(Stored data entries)
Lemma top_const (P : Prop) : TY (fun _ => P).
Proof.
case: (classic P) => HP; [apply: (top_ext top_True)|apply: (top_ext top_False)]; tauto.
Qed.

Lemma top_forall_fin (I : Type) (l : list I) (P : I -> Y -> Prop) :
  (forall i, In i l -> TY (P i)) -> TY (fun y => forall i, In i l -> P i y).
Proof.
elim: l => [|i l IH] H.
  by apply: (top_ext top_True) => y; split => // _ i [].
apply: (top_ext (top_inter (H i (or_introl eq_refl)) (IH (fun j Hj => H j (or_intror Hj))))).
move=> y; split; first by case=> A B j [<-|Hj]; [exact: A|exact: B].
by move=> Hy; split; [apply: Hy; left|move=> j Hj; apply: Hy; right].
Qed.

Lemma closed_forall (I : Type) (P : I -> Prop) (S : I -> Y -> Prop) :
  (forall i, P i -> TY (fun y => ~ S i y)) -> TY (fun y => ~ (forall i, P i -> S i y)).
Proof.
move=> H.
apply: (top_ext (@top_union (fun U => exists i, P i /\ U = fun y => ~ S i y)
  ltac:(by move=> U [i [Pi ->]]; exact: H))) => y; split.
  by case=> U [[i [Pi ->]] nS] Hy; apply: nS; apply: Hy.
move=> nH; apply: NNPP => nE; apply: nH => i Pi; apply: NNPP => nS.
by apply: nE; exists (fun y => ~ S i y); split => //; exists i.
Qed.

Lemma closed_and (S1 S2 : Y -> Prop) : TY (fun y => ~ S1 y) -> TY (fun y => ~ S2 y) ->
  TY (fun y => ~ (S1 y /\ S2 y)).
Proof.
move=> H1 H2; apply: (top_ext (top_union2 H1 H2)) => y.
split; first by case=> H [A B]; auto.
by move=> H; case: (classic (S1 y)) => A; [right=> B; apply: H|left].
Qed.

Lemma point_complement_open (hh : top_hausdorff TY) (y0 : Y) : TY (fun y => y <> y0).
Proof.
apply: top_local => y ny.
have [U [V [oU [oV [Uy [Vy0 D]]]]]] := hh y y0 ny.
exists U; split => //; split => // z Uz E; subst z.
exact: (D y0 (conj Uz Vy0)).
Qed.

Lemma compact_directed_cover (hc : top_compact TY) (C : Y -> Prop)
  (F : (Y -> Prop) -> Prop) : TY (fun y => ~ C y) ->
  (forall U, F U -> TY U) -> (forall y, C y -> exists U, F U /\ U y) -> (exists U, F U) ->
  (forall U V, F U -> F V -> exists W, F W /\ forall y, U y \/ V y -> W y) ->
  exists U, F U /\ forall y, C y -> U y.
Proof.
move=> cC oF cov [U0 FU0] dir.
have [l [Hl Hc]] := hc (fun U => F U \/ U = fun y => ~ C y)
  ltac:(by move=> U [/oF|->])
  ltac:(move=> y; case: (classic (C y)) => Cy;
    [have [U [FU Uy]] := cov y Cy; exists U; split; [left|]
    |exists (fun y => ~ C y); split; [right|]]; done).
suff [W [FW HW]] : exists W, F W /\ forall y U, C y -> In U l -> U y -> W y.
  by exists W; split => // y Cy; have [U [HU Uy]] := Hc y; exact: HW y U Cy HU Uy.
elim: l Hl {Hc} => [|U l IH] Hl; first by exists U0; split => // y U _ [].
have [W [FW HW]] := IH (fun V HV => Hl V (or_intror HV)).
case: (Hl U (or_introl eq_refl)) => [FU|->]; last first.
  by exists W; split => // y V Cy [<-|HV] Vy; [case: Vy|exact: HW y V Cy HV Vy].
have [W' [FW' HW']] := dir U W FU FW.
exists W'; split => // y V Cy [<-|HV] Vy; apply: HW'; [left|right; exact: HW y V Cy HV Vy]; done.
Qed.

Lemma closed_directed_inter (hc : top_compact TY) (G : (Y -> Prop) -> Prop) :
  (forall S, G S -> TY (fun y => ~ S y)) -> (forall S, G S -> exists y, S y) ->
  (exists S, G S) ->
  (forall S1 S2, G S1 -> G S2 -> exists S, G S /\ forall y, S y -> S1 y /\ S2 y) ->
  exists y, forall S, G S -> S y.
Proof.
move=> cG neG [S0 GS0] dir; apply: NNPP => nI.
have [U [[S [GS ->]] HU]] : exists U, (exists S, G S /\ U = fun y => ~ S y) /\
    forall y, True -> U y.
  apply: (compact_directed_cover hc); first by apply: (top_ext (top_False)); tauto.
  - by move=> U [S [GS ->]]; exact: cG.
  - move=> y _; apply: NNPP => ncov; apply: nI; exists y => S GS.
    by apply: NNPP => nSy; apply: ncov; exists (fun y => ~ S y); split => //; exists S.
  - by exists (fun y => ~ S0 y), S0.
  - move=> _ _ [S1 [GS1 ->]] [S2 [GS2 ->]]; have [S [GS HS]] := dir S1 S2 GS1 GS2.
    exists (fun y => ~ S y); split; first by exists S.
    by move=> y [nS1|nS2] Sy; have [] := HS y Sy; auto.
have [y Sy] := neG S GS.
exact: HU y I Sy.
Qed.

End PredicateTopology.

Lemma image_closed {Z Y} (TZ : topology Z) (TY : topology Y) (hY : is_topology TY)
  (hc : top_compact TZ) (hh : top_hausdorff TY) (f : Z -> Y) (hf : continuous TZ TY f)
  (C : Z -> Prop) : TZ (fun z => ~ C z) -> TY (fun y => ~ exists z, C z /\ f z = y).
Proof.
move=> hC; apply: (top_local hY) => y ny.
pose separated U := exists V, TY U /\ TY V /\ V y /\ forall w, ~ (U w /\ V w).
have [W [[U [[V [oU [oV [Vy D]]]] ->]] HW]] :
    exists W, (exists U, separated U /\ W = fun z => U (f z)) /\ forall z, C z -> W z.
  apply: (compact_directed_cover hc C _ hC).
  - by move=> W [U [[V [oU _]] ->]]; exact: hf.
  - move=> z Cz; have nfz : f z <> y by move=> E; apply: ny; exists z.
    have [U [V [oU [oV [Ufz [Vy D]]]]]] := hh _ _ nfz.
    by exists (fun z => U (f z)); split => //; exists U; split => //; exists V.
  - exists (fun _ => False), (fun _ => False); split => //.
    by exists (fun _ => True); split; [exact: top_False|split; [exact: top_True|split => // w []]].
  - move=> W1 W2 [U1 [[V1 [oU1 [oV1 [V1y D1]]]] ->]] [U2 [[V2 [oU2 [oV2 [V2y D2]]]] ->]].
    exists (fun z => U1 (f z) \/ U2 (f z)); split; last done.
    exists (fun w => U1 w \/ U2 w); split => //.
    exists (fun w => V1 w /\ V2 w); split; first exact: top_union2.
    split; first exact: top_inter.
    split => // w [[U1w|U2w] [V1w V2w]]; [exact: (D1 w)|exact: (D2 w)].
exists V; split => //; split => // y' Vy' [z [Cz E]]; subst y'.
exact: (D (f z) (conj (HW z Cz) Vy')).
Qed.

● **Exercise details**
Please return every line in the data that includes the string "Prop".

● **Answer for the task**
Lemma top_const (P : Prop) : TY (fun _ => P).
Lemma top_forall_fin (I : Type) (l : list I) (P : I -> Y -> Prop) :
Lemma closed_forall (I : Type) (P : I -> Prop) (S : I -> Y -> Prop) :
Lemma closed_and (S1 S2 : Y -> Prop) : TY (fun y => ~ S1 y) -> TY (fun y => ~ S2 y) ->
Lemma compact_directed_cover (hc : top_compact TY) (C : Y -> Prop)
  (F : (Y -> Prop) -> Prop) : TY (fun y => ~ C y) ->
Lemma closed_directed_inter (hc : top_compact TY) (G : (Y -> Prop) -> Prop) :
  (C : Z -> Prop) : TZ (fun z => ~ C z) -> TY (fun y => ~ exists z, C z /\ f z = y).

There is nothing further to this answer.